Relevance to the Kenyan jurisprudence

Article 244 of the Constitution of Kenya 2010 set out the objects and functions of the National Police Service, and demanded compliance by the police with constitutional standards of human rights and fundamental freedoms. Section 4 of the Office of Director of Pubic Prosecution Act, 2012 (ODPP Act) provided the guiding principles of the ODPP. The failure to investigate the petitioner’s complaint compromised the very validity of the Government and more so when the Executive failed to protect a citizen from victimization it called into question the legitimacy of its exclusive prosecutorial powers.

In the case of Feisal & 19 others v Kandie, Chief Inspector of Police, OCS, Ongata Rongai Police Station & 7 others; National Police Service Commission & another (Interested Party) [2018] eKLR, the court held that the protection of individuals from arbitrary punishment and abrogation of rights was one of the central purposes incumbent upon judicial process.
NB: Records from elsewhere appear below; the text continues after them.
Lemma density_ge_cond_exp_bigcup (I : countType) (G : set (set T))
    (C : I -> set T) (h : I -> T -> R) (r : R) (B A : set T) :
  sigma_algebra setT G -> G `<=` measurable -> measurable B ->
  (forall i, measurable (C i)) -> (forall i, C i `<=` B) ->
  (forall i, is_cond_exp mu G (\1_(C i)) (h i)) -> (0 <= r)%R ->
  G A -> A `<=` \bigcup_i [set x | r < h i x]%R -> density_ge r B A.
Proof.
move=> sG GM mB mC CB hC r0 GA Ah.
have GE := measurable_g_measurableTypeE sG.
pose S n := if @unpickle I n is Some i then A `&` [set x | r < h i x]%R
            else set0.
have GS n : G (S n).
  rewrite /S; case: unpickle => [i|]; rewrite -GE; last exact: measurable0.
  by apply: measurableI; rewrite GE //; case: (hC i) => /sub_measurable_gt.
have -> : A = \bigcup_n S n.
  apply/seteqP; split => [x Ax|x [n _]]; last first.
    by rewrite /S; case: unpickle => // i [].
  by have [i _ hix] := Ah x Ax; exists (pickle i) => //; rewrite /S pickleK.
apply: density_ge_bigcup => // [n|n]; first exact: GM.
have GD : G (seqDU S n) by rewrite -GE; apply: seqDU_measurable => m; rewrite GE.
have DS : seqDU S n `<=` S n by move=> x [].
move: DS; rewrite {2}/S; case: unpickle => [i DS|]; last first.
  by rewrite subset0 => ->; rewrite /density_ge measure0 set0I measure0 mule0.
apply: (density_geS _ (mC i) mB (CB i)); first exact: GM.
by apply: density_ge_cond_exp GM (mC i) (hC i) r0 GD _ => x /DS [].
Qed.

Lemma density_ge_bigcup_nested (F : nat -> set (set T)) (S : (set T)^nat)
    (r : R) (B : set T) :
  (forall k, sigma_algebra setT (F k)) -> (forall k, F k `<=` measurable) ->
  (forall k, F k `<=` F k.+1) -> measurable B -> (0 <= r)%R ->
  (forall k, F k (S k)) ->
  (forall k A, F k A -> A `<=` S k -> density_ge r B A) ->
  density_ge r B (\bigcup_k S k).
Proof.
move=> sF FM Fnested mB r0 FS dS.
have Fmono : {homo F : j k / (j <= k)%N >-> j `<=` k}.
  by apply: homo_leq => // [|i j k]; [exact: subset_refl | exact: subset_trans].
apply: density_ge_bigcup => // [k|k]; first exact/FM.
apply: (dS k) => [|x []//]; rewrite -(measurable_g_measurableTypeE (sF k)).
apply/measurableD/bigsetU_measurable; rewrite measurable_g_measurableTypeE //.
by move=> j _; apply: (Fmono j); [exact/ltnW/ltn_ord | exact: FS].
Qed.

End density.

Section rational_infimum.
Local Open Scope ereal_scope.
Context (R : realType).

Lemma lt_ereal_inf_ratP (S : set rat) (l : R) :
  l%:E < ereal_inf [set (ratr t : R)%:E | t in S] <->
  exists2 q : rat, (l < ratr q)%R & forall t, S t -> (ratr q < ratr t :> R)%R.
Proof.
split=> [lS|[q lq qS]]; last first.
  apply: (lt_le_trans (_ : l%:E < (ratr q)%:E)); first by rewrite lte_fin.
  by apply: le_ereal_inf_tmp => _ [t St <-]; rewrite lee_fin ltW// qS.
have [y ly yS] : exists2 y : R,
    (l < y)%R & y%:E <= ereal_inf [set (ratr t)%:E | t in S].
  move: lS; case: ereal_inf => [y| |]// lS; first by exists y; rewrite -?lte_fin.
  by exists (l + 1)%R; rewrite ?ltrDl ?leey.
have [q] := rat_in_itvoo ly; rewrite in_itv/= => /andP[lq qy].
exists q => // t St; rewrite -lte_fin (lt_le_trans _ (le_trans yS _)) ?lte_fin//.
by apply: ereal_inf_lbound; exists t.
Qed.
Wrongful arrest involved deprivation of a person’s liberty; it consisted of arresting and holding a person without legal justification.

Moreover, in the case of Mwanasi & 9 others v Chief of the Kenya Defence Forces & another [2021] eKLR, the court held that the right to life not only encompassed the prohibition against unlawful taking away of actual life but included the deprivation of the rights that facilitated the means through which a person’s life was sustained in dignity that was the right to human dignity and means of livelihood.

This case is therefore relevant to the Kenyan jurisprudence as it widens the understanding of law on matters of arrest of a suspect as it holds that the police have no business at all disturbing a person in his sleep, ordering him to come out of the house, forcefully entering and pushing him out and beating him as long as he is not a crime suspect for that is disrespect of the rights to privacy, invasion of his home and liberty.